[Problem statement] Across these entries, work out how many lines carry the string "case", and give only that number.

[Task inputs]
(* Let $G$ be a tree with negative definite intersection matrix, $\mathcal N$ its set of nodes (vertices of degree $\ge 3$), and $x$ the Laufer operator with respect to $\mathcal N$. Let $n\in\mathcal N$ and let $v_1,\dots,v_s$ ($s\ge1$) be a chain of non-node vertices with $v_1$ adjacent to $n$, $v_j$ adjacent to $v_{j+1}$, of one of two types: (a) a bamboo: each $v_j$ has degree $2$ and $v_s$ is adjacent to a node $n'\neq n$; or (b) a leg: $v_s$ has degree $1$ and $v_1,\dots,v_{s-1}$ have degree $2$. Assume $b_{v_j}\ge2$ for all $j$, except that in case (b) with $s=1$ also $b_{v_1}=1$ is allowed. Let $\alpha$ be the determinant of the negative of the intersection matrix of $\{v_1,\dots,v_s\}$ and $\beta$ that of $\{v_2,\dots,v_s\}$ (with $\beta=1$ if $s=1$), so $\alpha/\beta=[b_{v_1},\dots,b_{v_s}]$. If $Z\in L$ satisfies $x(Z)=Z$, then $$m_{v_1}(Z)=\left\lceil\frac{\beta\,m_n(Z)+m_{n'}(Z)}{\alpha}\right\rceil,$$ where in case (b) one sets $m_{n'}(Z)=0$.
   Context: $L=\bigoplus_v\mathbb ZE_v$ with $(E_v,E_w)$ = number of edges for $v\ne w$ and $(E_v,E_v)=-b_v$; $m_v(Z)$ is the coefficient of $E_v$ in $Z$. The Laufer operator $x(Z)$ is the unique coefficientwise-minimal $Z''\in L$ with $m_n(Z'')=m_n(Z)$ for all nodes $n$ and $(Z'',E_v)\le0$ for all non-node vertices $v$. $[b_1,\dots,b_s]=b_1-1/(b_2-1/(\cdots-1/b_s))$ is the negative continued fraction. *)

From HB Require Import structures.
From mathcomp Require Import all_boot all_order all_algebra.
Set Implicit Arguments. Unset Strict Implicit. Unset Printing Implicit Defensive.
Import Order.TTheory GRing.Theory Num.Theory.
Local Open Scope ring_scope.

(* A plumbing graph: a finite simple graph on the vertex type V given by a
   symmetric irreflexive adjacency relation e, with Euler numbers b : V -> int.
   The lattice L = \bigoplus_v Z E_v is represented by functions V -> int,
   m_v(Z) = Z v. *)

Definition simple_graph (V : finType) (e : rel V) : Prop :=
  symmetric e /\ irreflexive e.

(* a tree: connected with #|V| - 1 (unordered) edges *)
Definition is_tree (V : finType) (e : rel V) : Prop :=
  simple_graph e /\ (forall u w : V, connect e u w) /\
  #|[set p : V * V | e p.1 p.2]| = (2 * (#|V| - 1))%N.

Definition deg (V : finType) (e : rel V) (v : V) : nat := #|[set w | e v w]|.

Definition is_node (V : finType) (e : rel V) (v : V) : bool := (3 <= deg e v)%N.

Definition imat (V : finType) (e : rel V) (b : V -> int) (v w : V) : int :=
  if v == w then - b v else (e v w)%:R.

Definition iform (V : finType) (e : rel V) (b : V -> int) (Z Z' : V -> int) : int :=
  \sum_(v : V) \sum_(w : V) Z v * Z' w * imat e b v w.

Definition iformE (V : finType) (e : rel V) (b : V -> int) (Z : V -> int) (v : V) : int :=
  \sum_(w : V) Z w * imat e b w v.

Definition neg_definite (V : finType) (e : rel V) (b : V -> int) : Prop :=
  forall Z : V -> int, (exists v, Z v != 0) -> iform e b Z Z < 0.

Definition laufer_admissible (V : finType) (e : rel V) (b : V -> int)
    (Z Z'' : V -> int) : Prop :=
  (forall n, is_node e n -> Z'' n = Z n) /\
  (forall v, ~~ is_node e v -> iformE e b Z'' v <= 0).

Definition is_laufer (V : finType) (e : rel V) (b : V -> int) (Z Z'' : V -> int) : Prop :=
  laufer_admissible e b Z Z'' /\
  (forall Z', laufer_admissible e b Z Z' -> forall v, Z'' v <= Z' v).

Definition chain_det (V : finType) (e : rel V) (b : V -> int) (s : nat) (v : nat -> V) : int :=
  \det (\matrix_(i < s, j < s) (- imat e b (v i) (v j))).

(* The chain v_1, ..., v_s is represented 0-indexed as v 0, ..., v (s-1).
   n' = Some n'' : case (a), a bamboo from n to the node n'';
   n' = None     : case (b), a leg. *)
Definition chain_hyp (V : finType) (e : rel V) (b : V -> int) (n : V) (n' : option V)
    (s : nat) (v : nat -> V) : Prop :=
  [/\ (0 < s)%N, {in [pred j | (j < s)%N] &, injective v},
      e n (v 0%N),
      (forall j, (j.+1 < s)%N -> e (v j) (v j.+1)) &
      match n' with
      | Some n'' =>
          [/\ forall j, (j < s)%N -> deg e (v j) = 2%N,
              e (v s.-1) n'', is_node e n'', n'' != n &
              forall j, (j < s)%N -> 2 <= b (v j)]
      | None =>
          [/\ forall j, (j.+1 < s)%N -> deg e (v j) = 2%N,
              deg e (v s.-1) = 1%N &
              forall j, (j < s)%N -> (2 <= b (v j)) || ((s == 1%N) && (b (v j) == 1))]
      end].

[Result] 3